Pay attention to the official emails and telephone contacts
It costs much less to contact the company through a telephone call or email as compared to losing your hard-earned or borrowed cash. The official telephone contacts are always listed on the official websites of many organizations.
Verify information using multiple sources
You may use Google, Yahoo, or Bing to find the official website of the organization that the said jobs are and find out whether the organization is indeed recruiting or has contracted anyone on the names mentioned by the contact person. You should also apply through the company website, not a link sent to you or posted on third-party websites.
Report as soon As Possible
Sometimes these tricksters use some telephone contact for quite some time until they have extorted money from many credulous job seekers. You can also report to the administrators of the website where the fake listing appears.
Warn Your Friends and Colleagues
When you notice that the job posting that you have shared widely is a scam, please make effort to go back and warn your friends. It is quite a tasking job but it is worth saving your name before you get associated with being part of the evil scheme. In the case of the fake job offer where my name was used, I had to call all my lecturers and warn them not to trust anyone who calls them in my name even if his voice sounds like mine.
Don’t deal with anyone based on a job promise
No one can promise you a job. Make sure you don’t accept or commit to making any payment for anything about a job offer even if someone tells you that there is a money-back guarantee. You should ignore any promises to make a lot of money especially when they say the work will be performed remotely at the comfort of your home. Such promises are lies.

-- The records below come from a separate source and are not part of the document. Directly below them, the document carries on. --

Lemma tree_sym : symmetric adj. Proof. by case: tree. Qed.
Lemma tree_irr : irreflexive adj. Proof. by case: tree => _ irr _ _ a; exact/negbTE. Qed.
Lemma tree_connect a b : connect adj a b. Proof. by case: tree. Qed.
Lemma tree_acyclic (x : V) (s : seq V) :
  uniq (x :: s) -> (2 <= size s)%N -> ~~ cycle adj (x :: s).
Proof. by case: tree => _ _ _; apply. Qed.

End TreeFacts.

Section ReducedLaplacian.
Variables (n : nat) (adj : rel 'I_n.+1).
Hypothesis tree : is_tree adj.
Variables (R : realFieldType) (r : 'I_n.+1 -> 'I_n.+1 -> R).
Hypothesis r_pos : forall a b, adj a b -> 0 < r a b.
Hypothesis r_sym : forall a b, r a b = r b a.

Let adj_sym := tree_sym tree.
Let adj_irr := tree_irr tree.
Let adj_acyclic := tree_acyclic tree.

Let w a b := (r a b)^-1.
Let w_sym a b : w a b = w b a. Proof. by rewrite /w r_sym. Qed.
Let H := H_inv_weight adj r.

Definition extend0 (f : 'I_n -> R) (u : 'I_n.+1) : R :=
  if unlift ord0 u is Some i then f i else 0.

Lemma extend0_lift f i : extend0 f (lift ord0 i) = f i.
Proof. by rewrite /extend0 liftK. Qed.

Lemma extend0_root f : extend0 f ord0 = 0.
Proof. by rewrite /extend0 unlift_none. Qed.

Lemma H_inv_weight_mulE (f : 'I_n -> R) i :
  \sum_k H i k * f k = outflow adj w (extend0 f) (lift ord0 i).
Proof.
rewrite /outflow (eq_bigr (fun y => w (lift ord0 i) y * f i
    - w (lift ord0 i) y * extend0 f y)); last first.
  by move=> y _; rewrite extend0_lift mulrBr.
rewrite sumrB -mulr_suml [X in _ - X]big_mkcond big_ord_recl /= extend0_root.
rewrite mulr0 if_same add0r (bigD1 i) //= [X in _ = _ - X](bigD1 i) //=.
rewrite /H /H_inv_weight /red_laplacian mxE /laplacian eqxx adj_irr add0r.
congr (_ + _); rewrite -sumrN; apply: eq_bigr => k nki.
rewrite !mxE /laplacian (inj_eq (@lift_inj _ ord0)) eq_sym (negbTE nki).
by rewrite extend0_lift; case: ifP; rewrite ?mul0r ?oppr0 ?mulNr.
Qed.

Lemma H_inv_weight_sym i k : H i k = H k i.
Proof.
rewrite /H /H_inv_weight !mxE /laplacian eq_sym.
by case: eqP => [->|_]; rewrite // adj_sym r_sym.
Qed.

Let w_neq0 u y : adj u y -> w u y != 0.
Proof. by move=> auy; rewrite invr_neq0 // gt_eqF // r_pos. Qed.

(* A potential with no net outflow anywhere carries no current, so it is
   constant on the tree; extended by 0 it vanishes at the root. *)
Lemma H_inv_weight_unit : H \in unitmx.
Proof.
rewrite -row_free_unit -kermx_eq0; apply/eqP/row_matrixP => j; rewrite row0.
set v := row j _; pose X := extend0 (fun i => v 0 i).
have vH : v *m H = 0 by apply/sub_kermxP; exact: row_sub.
have no_outflow z : z != ord0 -> outflow adj w X z = (z == ord0)%:R.
  rewrite eq_sym => /unlift_some[k -> _].
  rewrite (negbTE (neq_lift _ _)) /X -H_inv_weight_mulE.
  transitivity (\sum_i v 0 i * H i k); last by have /rowP/(_ k) := vH; rewrite !mxE.
  by apply: eq_bigr => i _; rewrite H_inv_weight_sym mulrC.
have X_edge u y : adj u y -> X u = X y.
  move=> auy; apply/eqP; rewrite -subr_eq0 -(mulrI_eq0 _ (lregP (w_neq0 auy))).
  by rewrite (edge_current_dipole adj_sym adj_irr adj_acyclic w_sym
    (outflow_dipole adj_sym w_sym no_outflow) auy) /unit_flow subrr.
have X_const u : X u = X ord0.
  have /connectP[s pth ->] := tree_connect tree u ord0.
  by elim: s u pth => [|y s IH] u //= /andP[auy /IH <-]; exact: X_edge.
apply/rowP => i; rewrite [RHS]mxE -(extend0_lift (fun i => v 0 i)) -/X.
by rewrite X_const /X extend0_root.
Qed.

Definition potential (d : 'I_n) : 'I_n.+1 -> R := extend0 (fun i => invmx H i d).

Lemma outflow_potential d z :
  outflow adj w (potential d) z = (z == lift ord0 d)%:R - (z == ord0)%:R.
Proof.
apply: (outflow_dipole adj_sym w_sym) => {}z; rewrite eq_sym => /unlift_some[k -> _].
have /matrixP/(_ k d) := mulmxV H_inv_weight_unit; rewrite !mxE => HHinv.
by rewrite -H_inv_weight_mulE HHinv (inj_eq (@lift_inj _ ord0)).
Qed.

Lemma potential_edge d u y : adj u y ->
  potential d u - potential d y = unit_flow adj (lift ord0 d) ord0 u y * r u y.
Proof.
move=> auy; have r_neq0 : r u y != 0 by rewrite gt_eqF ?r_pos.
by rewrite -(edge_current_dipole adj_sym adj_irr adj_acyclic w_sym
  (outflow_potential d) auy) mulrAC /w mulVf ?mul1r.
Qed.

Lemma potential_path_head d (eps : R) x y s : path adj x (y :: s) ->
  all (fun e => 0 <= eps * unit_flow adj (lift ord0 d) ord0 e.1 e.2)
    (zip (x :: y :: s) (y :: s)) ->
  0 <= eps * unit_flow adj (lift ord0 d) ord0 x y * r x y
    <= eps * (potential d x - potential d (last y s)).
Proof.
elim: s x y => [|y2 s IH] x y /= /andP[axy pth] /andP[flow_xy flows].
all: have head : 0 <= eps * unit_flow adj (lift ord0 d) ord0 x y * r x y.
all: try by rewrite mulr_ge0 // ltW // r_pos.
  by rewrite head potential_edge // mulrA lexx.
have /andP[tail_ge0 tail_le] := IH y y2 pth flows.
have -> : potential d x - potential d (last y2 s) =
    (potential d x - potential d y) + (potential d y - potential d (last y2 s)).
  by rewrite addrA subrK.
rewrite head potential_edge // [X in _ <= X]mulrDr mulrA lerDl.
exact: le_trans tail_ge0 tail_le.
Qed.

End ReducedLaplacian.

Section QuadraticForm.
Variables (R : realFieldType) (vp vq c : R).

Definition quad_form (a b : R) := a ^+ 2 * vp + b ^+ 2 * vq + 2 * a * b * c.

Lemma quad_form_sign (eps a b : R) :
  eps ^+ 2 = 1 -> quad_form (eps * a) (eps * b) = quad_form a b.
Proof.
move=> eps2; transitivity (eps ^+ 2 * quad_form a b); last by rewrite eps2 mul1r.
by rewrite /quad_form; ring.
Qed.

Hypotheses (vp_ge0 : 0 <= vp) (vq_ge0 : 0 <= vq) (c_ge0 : 0 <= c).

Lemma quad_form_ge0 (a b : R) : 0 <= a -> 0 <= b -> 0 <= quad_form a b.
Proof. by move=> a_ge0 b_ge0; rewrite !addr_ge0 ?mulr_ge0 ?sqr_ge0. Qed.

Lemma quad_form_superadd (a b a' b' : R) : 0 <= a -> 0 <= b -> 0 <= a' -> 0 <= b' ->
  quad_form a b + quad_form a' b' <= quad_form (a + a') (b + b').
Proof.
move=> a_ge0 b_ge0 a'_ge0 b'_ge0; rewrite -subr_ge0.
have -> : quad_form (a + a') (b + b') - (quad_form a b + quad_form a' b') =
    2 * (a * a' * vp + b * b' * vq + (a * b' + a' * b) * c).
  by rewrite /quad_form; ring.
by rewrite mulr_ge0 ?ler0n // ?(addr_ge0, mulr_ge0).
Qed.

Lemma quad_form_add_oriented (eps a b a' b' : R) : eps ^+ 2 = 1 ->
  0 <= eps * a -> 0 <= eps * b -> 0 <= eps * a' -> 0 <= eps * b' ->
  quad_form a b + quad_form (eps * a') (eps * b') <= quad_form (a + a') (b + b').
Proof.
move=> eps2 a_ge0 b_ge0 a'_ge0 b'_ge0.
rewrite -(quad_form_sign a b eps2) -(quad_form_sign (a + a') (b + b') eps2) !mulrDr.
exact: quad_form_superadd.
Qed.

What do you do if you have already paid?
If you paid someone or an agency and did not find help finding a job, report the matter to the police or the Ministry responsible for labour and Employment. Your complaint may be useful to build cases against scammers. Any information you give can be useful for the investigators.
If you have used a credit card or provided information related to your bank details, please report to the credit card company or your bank to block any transactions. This will save you from fraud liability on unauthorized charges, to minimize chances of being liable for any amount of fraudulent purchases with the various merchants for goods and services based on the accrued debt.
In case you are using mobile money, you may have to try and call the telecom company about the possibility of recovering or blocking the transaction. Remember, the scammers are always very fast when it comes to withdrawing the cash you send through a scam.
Scams and unemployment are on the rise in many parts of the world. Unfortunately, the fraudsters don’t care whether they live your brand or personal brand in the miry clay. Theirs is about quick cash and moving on to their next target. As a recruiter or job seeker, you must guard against fraudulent employment agencies, jobs abroad, and multi-level marketing schemes.
If your name has been dragged in a scam it is not the end of the road. Scammers tend to look for nice people who have built a good reputation. This should never deter you from helping your friends, family, and colleagues. Legitimate employers, including the public service and government agencies, will never ask you to pay to get a job. Anyone who does is a scammer. Just be careful not to hit a snag again.
Scammers will always ask you to make payment as fast as possible citing stiff competition as they allude to the phrase first come, first served. This is the single most powerful sign of any scam. Don’t accept to make any payment in advance. They will give you and assurance that you won’t lose. It is not true. You may end up losing money.